“Out of rounds!” Marisol shouted from her position.
He looked up just in time to see a bandit closing in on her with a pistol raised. Blaze grabbed the nearest thing within reach, a jagged rock, and threw himself forward. He smashed it into the man’s skull with a sickening crack. The bandit went limp, blood streaking down his face.
Quickly, he dropped the rock and took out a knife he had found on one of the bandits’ bodies after the previous shootout.
If he didn’t have a gun, he needed a sharp weapon. After all, it was working for Graycloud.
Another man lunged at Blaze from behind. That was when Blaze spun, driving his knife up into the Rider’s stomach. The man staggered, eyes wide in disbelief before collapsing to his knees.
The Colt finally gave, the jam clearing with a metallic click. Blaze thumbed back the hammer and fired once, twice, three times...dropping the last two Riders before they could reach him.
Then, silence.
Smoke drifted low through the canyon. Horses screamed in the distance, then faded. The only sound left was the wind scraping across the stone.
Blaze straightened slowly, his chest heaving. The ground was littered with bodies. A dozen men, give or take, were scattered like broken shadows across the dirt.
“Everyone alive?” he called.
“Still standing,” Marisol replied, pushing herself up from behind a fallen horse. Her hat was gone, her hair was loose and tangled, and her face was streaked with dust. She kicked a spent cartridge aside. “That’s the last of my rounds.”
Graycloud wiped his blade clean on a Rider’s coat.
“They were waiting,” he said.
“No doubt about it,” Blaze replied.
Marisol spat in the dirt. “Reckon Wilder sent them?”
“Who else?” Blaze reloaded his revolver, each bullet sliding in with a hard click. “They must have been tracking us. They knew we were coming.”
Graycloud crouched beside one of the fallen men, rolling him over. The Rider’s coat was torn, his bandana marked with a black serpent stitched into the cloth.
“I’ve seen this symbol before,” Graycloud said. “It’s definitely the Hollow Creek Riders.”
“They’ve been busy,” Blaze said.
Marisol picked up a fallen rifle and checked the chamber. “Nothing left in it.”
“Take what you can,” Blaze said, holstering his revolver. “We’ll need it.”
He scanned the scene, taking in the sight of the dead bodies. It no longer bothered him. It was strange how quickly he had become accustomed to it.

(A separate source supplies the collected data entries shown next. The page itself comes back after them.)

Lemma ell_pairing_lt_after x y : next_root a b c x < y <= x + PI -> ell_pairing a b x y < c.
Proof.
  intros Hy. pose proof (next_root_bounds x). pose proof (ell_arg_sub_lt x).
  pose proof (next_root_offset_bound x). pose proof (ell_norm_pos a b Ha Hb x).
  pose proof (sin_factor_pos x y ltac:(lra)).
  assert (0 < sin ((y - next_root a b c x) / 2))
    by (apply sin_gt_0; unfold next_root in *; lra).
  assert (0 < - (ell_pairing a b x y - c)); [|lra].
  rewrite ell_pairing_sub_factor, Ropp_mult_distr_r. apply Rmult_lt_0_compat; nra.
Qed.

Lemma next_root_unique x y :
  x <= y <= x + PI -> ell_pairing a b x y = c -> y = next_root a b c x.
Proof.
  intros Hy Hroot.
  destruct (Rtotal_order y (next_root a b c x)) as [Hlt|[Heq|Hgt]]; [|assumption|].
  - pose proof (ell_pairing_gt_before x y ltac:(lra)). lra.
  - pose proof (ell_pairing_lt_after x y ltac:(lra)). lra.
Qed.

(* Reflecting [(x, y)] to [(-y, -x)] preserves the pairing and swaps the roles of the two
   arguments, which turns a failure of monotonicity into two roots of one equation. *)
Lemma next_root_increasing x1 x2 : x1 < x2 -> next_root a b c x1 < next_root a b c x2.
Proof.
  intros Hx. pose proof (next_root_bounds x1). pose proof (next_root_bounds x2).
  destruct (Rle_lt_dec (x1 + PI) x2); [lra|].
  destruct (Rlt_or_le (next_root a b c x1) (next_root a b c x2)) as [|Hle]; [assumption|].
  set (y := next_root a b c x2) in *.
  assert (Hx1 : c <= ell_pairing a b x1 y).
  { destruct (Rle_lt_or_eq_dec _ _ Hle) as [Hlt|Heq].
    - apply Rlt_le, ell_pairing_gt_before. lra.
    - rewrite Heq, ell_pairing_next_root. lra. }
  assert (Hrefl : - x2 = next_root a b c (- y)).
  { apply next_root_unique; [lra|]. rewrite ell_pairing_opp. apply ell_pairing_next_root. }
  pose proof (ell_pairing_lt_after (- y) (- x1) ltac:(lra)).
  rewrite ell_pairing_opp in *. lra.
Qed.
Lemma logdet_concave_le r (X Y Z : 'M[R]_r) t :
  X^T = X -> Y^T = Y -> Z^T = Z -> posdef X -> posdef Y -> 0 <= t <= 1 ->
  (forall x, t * qform X x + (1 - t) * qform Y x <= qform Z x) ->
  t * ln (\det X) + (1 - t) * ln (\det Y) <= ln (\det Z).
Proof.
elim: r X Y Z => [|r IH] X Y Z sX sY sZ pX pY t01 XYZ.
  by rewrite !det_mx00 ln1 !mulr0 addr0.
have /andP[t0 t1] := t01.
have pZ : posdef Z.
  move=> x x0; apply: lt_le_trans (XYZ x).
  by have := pX x x0; have := pY x x0; nra.
have pivX := posdef_pivot_gt0 sX pX; have pivY := posdef_pivot_gt0 sY pY.
have pivZ := posdef_pivot_gt0 sZ pZ.
have pivXYZ : t * pivot X + (1 - t) * pivot Y <= pivot Z.
  by rewrite -!qform_pivot.
have schurXYZ x :
    t * qform (schur X) x + (1 - t) * qform (schur Y) x <= qform (schur Z) x.
  rewrite -(qform_col_mx_schur _ sZ) ?gt_eqF //; apply: le_trans (XYZ _).
  by rewrite lerD // ler_wpM2l ?subr_ge0 // schur_qform_le.
have dS (W : 'M[R]_(1 + r)) : W^T = W -> posdef W -> 0 < \det (schur W).
  by move=> sW pW; apply: det_posdef_gt0; [apply: tr_schur | apply: posdef_schur].
rewrite !det_schur ?gt_eqF // !lnM ?posrE ?dS // !mulrDr addrACA.
apply: lerD; last exact: IH (tr_schur sX) (tr_schur sY) (tr_schur sZ)
  (posdef_schur sX pX) (posdef_schur sY pY) t01 schurXYZ.
apply: le_trans (ln_concave pivX pivY t01) _.
by rewrite ler_ln ?posrE //; nra.
Qed.

Lemma logdet_concave r (X Y : 'M[R]_r) t :
  X^T = X -> Y^T = Y -> posdef X -> posdef Y -> 0 <= t <= 1 ->
  t * ln (\det X) + (1 - t) * ln (\det Y) <= ln (\det (t *: X + (1 - t) *: Y)).
Proof.
move=> sX sY pX pY t01; apply: logdet_concave_le => // [|x].
  by rewrite linearD /= !linearZ /= sX sY.
by rewrite qformD !qformZ.
Qed.

End LogDet.

Section Compress.
Variables (R : realType) (n r : nat) (B : 'M[R]_(r, n)).
Hypothesis B_free : row_free B.

Definition compress (A : 'M[R]_n) : 'M[R]_r := (pinvmx B)^T *m A *m pinvmx B.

Marisol and Graycloud were the same. They didn’t bat an eyelash.
“Where to now?” Marisol asked.
“Out of the open,” Blaze said. “Before more of them show up.”
Graycloud glanced toward the horizon. “Foothill trail curves east. There’s a gully, a dry stream bed. Could use it to cover our tracks.”
“Do it,” Blaze said.
They began gathering what they could—guns, cartridges, a half-torn map from a saddlebag. Anything. Everything. The air still stank of black powder. A vulture circled overhead as if waiting for them to finish.
Marisol kicked one of the bodies as she walked past.
“Reckless fools,” she muttered. “You’d think they were drunk.”